Records for the task

----------

Lemma to_word_act a s : irreducible (to_word s ++ [a]) -> to_word (act a s) = to_word s ++ [a].
Proof.
  destruct a.
  - apply to_word_act_x.
  - apply to_word_act_xi.
  - apply to_word_act_y.
  - apply to_word_act_yi.
Qed.

Lemma to_word_nf w : irreducible w -> to_word (nf w) = w.
Proof.
  induction w as [|a w IH] using rev_ind; intros Hirr; [reflexivity|].
  unfold nf. rewrite act_word_app. cbn.
  pose proof (IH (irreducible_app_l _ _ Hirr)) as Hw. unfold nf in Hw.
  rewrite to_word_act; rewrite Hw; [reflexivity|exact Hirr].
Qed.

(** * Exponents and partial sums *)

(* [ylen s] and [xexp s k] are the n and i_k of the syllable form of [to_word s]. *)
Fixpoint ylen (s : nform) : nat := match s with Pow _ => O | Syl r _ _ => S (ylen r) end.

Fixpoint xexp (s : nform) (k : nat) : Z :=
  match s, k with
  | Pow a, O => a
  | Pow _, S _ => 0
  | Syl _ _ i, O => i
  | Syl r _ _, S k => xexp r k
  end.

Lemma syl_S n is eps : syl (S n) is eps =
  syl n (fun j => is (S j)) (fun j => eps (S j)) ++ [ypow (eps 1%nat)] ++ xpow (is O).
Proof.
  revert is eps; induction n as [|n IH]; intros is eps; [reflexivity|].
  change (syl (S (S n)) is eps)
    with (xpow (is (S (S n))) ++ [ypow (eps (S (S n)))] ++ syl (S n) is eps).
  rewrite IH. cbn. now rewrite <- !app_assoc.
Qed.

Definition yfree (w : word) : Prop := forall e, ~ In (ypow e) w.

Lemma yfree_xpow i : yfree (xpow i).
Proof.
  intros e Hin. unfold xpow in Hin.
  destruct (0 <=? i); apply repeat_spec in Hin; now destruct e.
Qed.

Lemma ypow_inj e e' : ypow e = ypow e' -> e = e'.
Proof. now destruct e, e'. Qed.

Lemma app_ypow_inj u v e e' p q : yfree p -> yfree q ->
  u ++ ypow e :: p = v ++ ypow e' :: q -> u = v /\ e = e' /\ p = q.
Proof.
  intros Hp Hq. revert v; induction u as [|a u IH]; intros [|b v] E; cbn in E; injection E.
  - intros <- <-%ypow_inj. auto.
  - intros Ep _. destruct (Hp e'). rewrite Ep. apply in_elt.
  - intros Eq _. destruct (Hq e). rewrite <- Eq. apply in_elt.
  - intros Eu <-. destruct (IH v Eu) as (-> & -> & ->). auto.
Qed.

Lemma xpow_inj i j : xpow i = xpow j -> i = j.
Proof.
  unfold xpow. intros E. destruct (Z.leb_spec 0 i), (Z.leb_spec 0 j).
  2: destruct (Z.to_nat (- j)) eqn:?; [lia|]; destruct (Z.to_nat i); discriminate.
  2: destruct (Z.to_nat (- i)) eqn:?; [lia|]; destruct (Z.to_nat j); discriminate.
  all: apply (f_equal (@length letter)) in E; rewrite !repeat_length in E; lia.
Qed.

Lemma to_word_syl s n is eps : to_word s = syl n is eps ->
  ylen s = n /\ forall k, (k <= n)%nat -> xexp s k = is k.
Proof.
  revert n is eps; induction s as [a|r IH e i]; intros [|n] is eps E; cbn [to_word] in E.
  - apply xpow_inj in E as ->. split; [reflexivity|]. intros [|k] Hk; [reflexivity|lia].
  - rewrite syl_S in E. destruct (yfree_xpow a (eps 1%nat)). rewrite E. apply in_elt.
  - destruct (yfree_xpow (is O) e). cbn in E. rewrite <- E. apply in_elt.
  - rewrite syl_S in E. apply app_ypow_inj in E as (Er & _ & Ei%xpow_inj); try apply yfree_xpow.
    destruct (IH _ _ _ Er) as [Hn Hk]. split; [cbn; congruence|].
    intros [|k] Hkn; [exact Ei|]. apply Hk. lia.
Qed.

Lemma find_le_aux_S f c k fuel :
  find_le_aux f c (S k) fuel = S (find_le_aux (fun j => f (S j)) c k fuel).
Proof.
  revert k; induction fuel as [|fuel IH]; intros k; cbn; [reflexivity|].
  destruct (f (S k) <=? c); [reflexivity|apply IH].
Qed.

Lemma first_le_S f c n :
  first_le f c (S n) = if f O <=? c then O else S (first_le (fun k => f (S k)) c n).
Proof. unfold first_le. cbn. destruct (f O <=? c); [reflexivity|apply find_le_aux_S]. Qed.

Lemma first_le_ext f g c n : (forall k, (k < n)%nat -> f k = g k) ->
  first_le f c n = first_le g c n.
Proof.
  revert f g; induction n as [|n IH]; intros f g Hfg; [reflexivity|].
  rewrite !first_le_S, Hfg by lia. destruct (g O <=? c); [reflexivity|].
  f_equal. apply IH. intros k Hk. apply Hfg. lia.
Qed.

Lemma first_le_le f c n : (first_le f c n <= n)%nat.
Proof.
  revert f; induction n as [|n IH]; intros f; [reflexivity|].
  rewrite first_le_S. destruct (f O <=? c); [lia|]. specialize (IH (fun k => f (S k))). lia.
Qed.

----------

Work instructions
Your answer must consist solely of the lines from the one containing "rewrite first_le_S. destruct" through the last line of the entries, reproduced exactly.

Reply to the exercise
  rewrite first_le_S. destruct (f O <=? c); [lia|]. specialize (IH (fun k => f (S k))). lia.
Qed.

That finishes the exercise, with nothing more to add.